5. Advanced OPC Techniques
Traditional OPC methods are limited in their ability to address pattern fidelity and edge placement error (EPE) due to the growing proximity effects and the use of complex optical and process parameters in modern lithography. This motivated the industry's development of model-based OPC methodology in the late 1990s. Modern model-based OPC techniques, including various flavors of optical, process, and mask entropy optimization, do not rely on a limited set of rules and are more adaptable to meeting the requirements of various design styles, process nodes, and patterning configurations. Differing only in the cost function used for aerial image multi-objective optimization, these techniques are similar in terms of optimization engine capabilities and semiconductor manufacturing requirements [17].
These advanced OPC techniques depend crucially on the availability of computational resources and simulation accuracy. In comparison with the extensive computational resources, long runtime, and exponential growth of writing time required for the advanced OPC techniques, the traditional 'hard' constraints of OPC usually required meager computational resources and had a more predictable scaling of writing time, even though the runtime was as long as a few hours. Therefore, the constraints of OPC often have to be relaxed to allow for reasonable runtimes and writing times, even if the resulting mask pattern might not be pattern fidelity. Despite this, the impact of extending the rules case OPC to relax these constraints and approaching the advanced full-chip models OPC solutions remains largely unexplored.

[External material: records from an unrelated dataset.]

Lemma norm1_pE0 x : x * sigma x = 1 -> PE 0 x.
Proof.
have [a [b ->]] := E_span HE x; rewrite norm_iota_s -(rmorph1 iota) => /fmorph_inj ab1.
have [eps0 nueps] := eps_unit HE.
by have [ha hb] := norm1_integral HF eps0 nueps (eps_nonsq HE) ab1; exists a, b.
Qed.

Lemma inG_mx2_aa (a b : E) (w : F) : inG sigma (mx2 a b (iota w * b) a) <->
  sigma a * b + sigma b * a = 0 /\ sigma a * a + iota w * (sigma b * b) = 1.
Proof.
rewrite inG_mx2; last exact: sigmaK.
rewrite rmorphM (sigma_F HE); split=> [[_ G01 G11] | [G11 G01]]; split=> //.
- by rewrite -G01 mulrA addrC.
- by rewrite -[RHS](mulr0 (iota w)) -G11; ring.
- by rewrite -G01 mulrA addrC.
Qed.

Lemma inG_mx2_aa_scale (a b : E) (w w' rho Nb : F) :
  inG sigma (mx2 a b (iota w * b) a) -> b * sigma b = iota Nb ->
  rho * rho * (1 + (w' - w) * Nb) = 1 ->
  inG sigma (mx2 (iota rho * a) (iota rho * b) (iota w' * (iota rho * b)) (iota rho * a)).
Proof.
move=> /inG_mx2_aa[ab_tr ab_norm] Nb_def rho2.
apply/inG_mx2_aa; rewrite !rmorphM !(sigma_F HE); split.
  by rewrite -[RHS](mulr0 (iota rho * iota rho)) -ab_tr; ring.
have norm_w' : sigma a * a + iota w' * (sigma b * b) = iota (1 + (w' - w) * Nb).
  by rewrite rmorphD rmorph1 rmorphM rmorphB mulrC -Nb_def -ab_norm; ring.
by rewrite -(rmorph1 iota) -rho2 !rmorphM -norm_w'; ring.
Qed.

Definition mx_pE (n : int) (p q : nat) (A : 'M[E]_(p, q)) := forall i j, PE n (A i j).

Lemma mx_pE_mx2 n (a b c e : E) :
  mx_pE n (mx2 a b c e) <-> [/\ PE n a, PE n b, PE n c & PE n e].
Proof.
split=> [A_in|[? ? ? ?] i j].
  by split; [move: (A_in 0 0) | move: (A_in 0 1) | move: (A_in 1 0) | move: (A_in 1 1)];
    rewrite mx2E.
by case: (ord2_cases i) (ord2_cases j) => -> [] ->; rewrite mx2E.
Qed.

Lemma mx_pEM n m p q r (A : 'M[E]_(p, q)) (B : 'M[E]_(q, r)) :
  mx_pE n A -> mx_pE m B -> mx_pE (n + m) (A *m B).
Proof.
move=> A_in B_in i j; rewrite mxE.
by apply: big_ind => [|x y|k _]; [apply: pE0 | apply: pED | apply: pEM].
Qed.

Lemma mx_pE_adjm n (g : 'M[E]_2) : mx_pE n g -> mx_pE n (adjm sigma g).
Proof. by move=> g_in i j; rewrite !mxE; apply: pE_sigma. Qed.

Lemma mx_pE_wform : mx_pE 0 (wform E).
Proof. by apply/mx_pE_mx2; split; [apply: pE0 | apply: pE1 | apply: pE1 | apply: pE0]. Qed.

Definition ginv (g : 'M[E]_2) := wform E *m adjm sigma g *m wform E.

Lemma ginvK (g : 'M[E]_2) : inG sigma g -> ginv g *m g = 1%:M.
Proof. by rewrite /ginv -!mulmxA (mulmxA (adjm sigma g)) => ->; rewrite mulmx_wform. Qed.

Lemma mulmx_ginv (g : 'M[E]_2) : inG sigma g -> g *m ginv g = 1%:M.
Proof. by move/ginvK/mulmx1C. Qed.

Lemma mx_pE_ginv (g : 'M[E]_2) : mx_pE 0 g -> mx_pE 0 (ginv g).
Proof.
move=> g_int; have := mx_pEM (mx_pEM mx_pE_wform (mx_pE_adjm g_int)) mx_pE_wform.
by rewrite !addr0.
Qed.

Lemma inK_decomp m (g g' : 'M[E]_2) :
  inK nu iota s sigma g' -> inG sigma g -> mx_pE m (g - g') ->
  exists j, [/\ inG sigma j, mx_pE m (j - 1%:M) & g = g' *m j].
Proof.
move=> [Gg' g'_int] Gg gg'; exists (ginv g' *m g).
have g'j : g' *m (ginv g' *m g) = g by rewrite mulmxA mulmx_ginv // mul1mx.
split=> //; first by apply: (inG_cancel Gg'); rewrite g'j.
rewrite -[m]add0r -{1}(ginvK Gg') -mulmxBr.
by apply: mx_pEM => //; apply: mx_pE_ginv.
Qed.

Section CentralizersModJ.
Variables (psi : E -> algC) (d : nat).
Hypotheses (Hpsi : add_char nu iota s psi) (d_gt0 : (0 < d)%N).
Local Notation inK := (inK nu iota s sigma).
Local Notation inJ := (inJ nu iota s sigma d).
Local Notation n := (Posz (uphalf d)).
Local Notation n' := (Posz (uphalf d.+1)).

Lemma uphalf_levels : [/\ 1 <= n, n <= n' & n + n' = Posz d + 1].
Proof. by have := odd_double_half d; rewrite -muln2 /= uphalf_half; split; lia. Qed.

Lemma inJ_congr1 j : inG sigma j -> mx_pE n' (j - 1%:M) -> inJ j.
Proof.
move=> Gj j1; split=> //; exists (j 0 0), (j 0 1), (j 1 0), (j 1 1); split; first exact: mx2_eta.
have [_ le_nn' _] := uphalf_levels.
move: (j1 0 0) (j1 0 1) (j1 1 0) (j1 1 1); rewrite !mxE /= !subr0 => j00 j01 j10 j11.
by split; last split; last split; try apply: pEW le_nn' _.
Qed.

Lemma inJM j1 j2 : inJ j1 -> inJ j2 -> inJ (j1 *m j2).
Proof.
have [n_ge1 le_nn' nn'] := uphalf_levels.
move=> [G1 [a [b [c [e [Ej1 [ha [hb [hc he]]]]]]]]].
move=> [G2 [a' [b' [c' [e' [Ej2 [ha' [hb' [hc' he']]]]]]]]].
split; first exact: inGM.
rewrite Ej1 Ej2 mul_mx2; do 4!eexists; split; first by [].
split; [|split; [|split]].
- have -> : a * a' + b * c' - 1 = (a - 1) + (a' - 1) + (a - 1) * (a' - 1) + b * c' by ring.
  apply: pED; last by apply: (pEM_le _ hb hc'); lia.
  by apply: pED; [apply: pED | apply: (pEM_le _ ha ha'); lia].
- have -> : a * b' + b * e' = b + b' + (a - 1) * b' + b * (e' - 1) by ring.
  apply: pED; last by apply: (pEM_le _ hb he'); lia.
  by apply: pED; [apply: pED | apply: (pEM_le _ ha hb'); lia].
- have -> : c * a' + e * c' = c + c' + c * (a' - 1) + (e - 1) * c' by ring.
  apply: pED; last by apply: (pEM_le _ he hc'); lia.
  by apply: pED; [apply: pED | apply: (pEM_le _ hc ha'); lia].
- have -> : c * b' + e * e' - 1 = (e - 1) + (e' - 1) + (e - 1) * (e' - 1) + c * b' by ring.
  apply: pED; last by apply: (pEM_le _ hc hb'); lia.
  by apply: pED; [apply: pED | apply: (pEM_le _ he he'); lia].
Qed.

Lemma psiD_pE1 x y : PE 1 y -> psi (x + y) = psi x.
Proof. by move=> y_in; rewrite (psiD Hpsi) (psi_pE Hpsi y_in) mulr1. Qed.

Lemma PsiY_addJ (Y : 'M[E]_2) (z v : F) k :
  inP nu (- n + 1) z -> inP nu (- n + 1) v -> inJ k ->
  PsiY psi (Y + mx2 (iota z * s) 0 (iota v * s) (iota z * s)) k = PsiY psi Y k.
Proof.
move=> z_in v_in [_ [a [b [c [e [-> [ha [hb [hc he]]]]]]]]].
have [n_ge1 le_nn' _] := uphalf_levels.
rewrite /PsiY mulmxDl mxtraceD scalar_mx2 opp_mx2 add_mx2 mul_mx2 mxtrace_mx2 !oppr0 !addr0.
have zs_in := pE_iotas z_in; have vs_in := pE_iotas v_in.
apply: psiD_pE1; rewrite mul0r addr0; apply: pED; last apply: pED.
- by apply: (pEM_le _ zs_in ha); lia.
- by apply: (pEM_le _ vs_in hb); lia.
- by apply: (pEM_le _ zs_in he); lia.
Qed.

Definition inTw (w : F) (k : 'M[E]_2) : Prop := inK k /\ exists a b, k = mx2 a b (iota w * b) a.

Lemma inT_inTw (x y : E) (w : F) k : y != 0 ->
  inT nu iota s sigma (mx2 x y (iota w * y) x) k <-> inTw w k.
Proof. by move=> y0; split=> [] [Kk /(commute_mx2_aa _ _ _ y0) k_aa]. Qed.

Lemma inTw_rescale (w w' : F) k : inP nu n' w -> inP nu n' w' -> inTw w k ->
  exists2 k', inTw w' k' & mx_pE n' (k - k').
Proof.
move=> w_in w'_in [[Gk k_int] [a [b k_ab]]]; rewrite k_ab in Gk k_int *.
have [n_ge1 le_nn' _] := uphalf_levels; have n'_ge1 : 1 <= n' by lia.
have /mx_pE_mx2[a_int b_int _ _] := k_int.
have [Nb Nb_def] := norm_in_F b.
have Nb_int : inP nu 0 Nb.
  by apply: pE_iota_inv; rewrite -Nb_def -[0]addr0; apply: pEM => //; apply: pE_sigma.
have x_in : inP nu n' ((w' - w) * Nb).
  by rewrite -[n']addr0; apply: (inPM HF) => //; apply: (inPB HF).
have [rho rho1 rho2] := principal_unit_invsqrt HF n'_ge1 x_in.
have rho_in : inP nu 0 rho.
  by rewrite -(subrK 1 rho); apply: (inPD HF) (inP1 HF); apply: inPW rho1; lia.
have rho_int t : PE 0 t -> PE 0 (iota rho * t).
  by move=> t_int; apply: (pEM_le _ (pE_iota rho_in) t_int); rewrite addr0.
have rho_1 t : PE 0 t -> PE n' (t - iota rho * t).
  move=> t_int; have -> : t - iota rho * t = - (iota (rho - 1) * t).
    by rewrite rmorphB rmorph1; ring.
  by apply/pEN/(pEM_le _ (pE_iota rho1) t_int); lia.
have wb_in (v : F) : inP nu n' v -> PE n' (iota v * b).
  by move=> v_in; apply: (pEM_le _ (pE_iota v_in) b_int); lia.
exists (mx2 (iota rho * a) (iota rho * b) (iota w' * (iota rho * b)) (iota rho * a)).
  split; last by exists (iota rho * a), (iota rho * b).
  split; first exact: inG_mx2_aa_scale Gk Nb_def rho2.
  apply/mx_pE_mx2; split; [exact: rho_int a_int | exact: rho_int b_int | | exact: rho_int a_int].
  by rewrite mulrCA; apply: rho_int; apply: pEW (wb_in _ w'_in); lia.
rewrite opp_mx2 add_mx2; apply/mx_pE_mx2.
split; [exact: rho_1 a_int | exact: rho_1 b_int | | exact: rho_1 a_int].
rewrite mulrCA; apply: pEB (wb_in _ w_in) _.
by apply: (pEM_le _ (pE_iota rho_in) (wb_in _ w'_in)); rewrite add0r.
Qed.

Lemma inTw_subJ (w w' : F) k : inP nu n' w -> inP nu n' w' -> inTw w k ->
  setmul (inTw w') inJ k.
Proof.
move=> w_in w'_in Tk; have [k' Tk' kk'] := inTw_rescale w_in w'_in Tk.
have [j [Gj j1 ->]] := inK_decomp Tk'.1 Tk.1.1 kk'.
by exists k', j; split; last split; last by []; last apply: inJ_congr1.
Qed.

It compares the different approaches to address pattern fidelity and EPE through OPC. It illustrates the relative strengths and weaknesses of the rule-based OPC solutions compared to lithographic modeling-based OPC solutions. With technology development, the percentage of transistors corrected by OPC systems has increased from 10% to 20% of the chip area to almost 100% [18].
5.1. Model-Based OPC
One of the most significant advancements in OPC is the advancement from rule-based to model-based techniques. Rather than approximate the optical system with rules and hand-tuned parameter sets, model-based OPC uses complex algorithms and simulations to model the optical system at a fundamental level. Using mathematical models to describe the wave physics underlying the formation of the resist profile, these OPC algorithms can more accurately predict the optical printability of a pattern. This can be particularly important in illuminations created by multiple illumination sources, which exhibit complex phase-spreading effects at the edges of feature boundaries that are difficult to predict using simple heuristic rules. Because the light exposure of every feature in the pattern is simulated individually in a model-based OPC algorithm, tapering must be considered and corrected at every part of the feature's geometry, which greatly increases the dataset size and time to solution. Despite this drawback, model-based OPC algorithms can generate significantly more accurate correction solutions compared to their rule-based counterparts because of their more accurate predictive models, and they have come to dominate the OPC market in standard practice today.
One of the main advantages of model-based OPC techniques is that their detailed optical models allow for accuracy at the feature's edge and within complex geometries. The increased pattern correction accuracy is not just due to the illumination scope but primarily due to the increased accuracy of the printability prediction in the optical models, which is the basis for the model-based correction. The better the accuracy of the prediction, typically the better the correction solution. Although model-based OPC algorithms can accurately simulate optical effects, obtaining a sufficiently precise correction for a complex pattern can still be quite challenging, as they demand a large amount of optical reading data and must be thoroughly calibrated to actual optical characteristics in the lithography process. With complete calibration and attention during setup, however, model-based OPC techniques can significantly outperform rule-based solutions, both in fidelity and the versatility of features that can be patterned. Thus, it is typically considered time well spent to configure a model-based OPC algorithm thoroughly, to gain the necessary predictive accuracy required for lithographic detail. As a result, in the latest OPC requirements, the requirement has been added to utilize model-based techniques to solve critical patterns in actual devices. This component has repeatedly demonstrated improvements in final pattern fidelity and has shown enough of a return on investment to be added as a standard practice requirement [19].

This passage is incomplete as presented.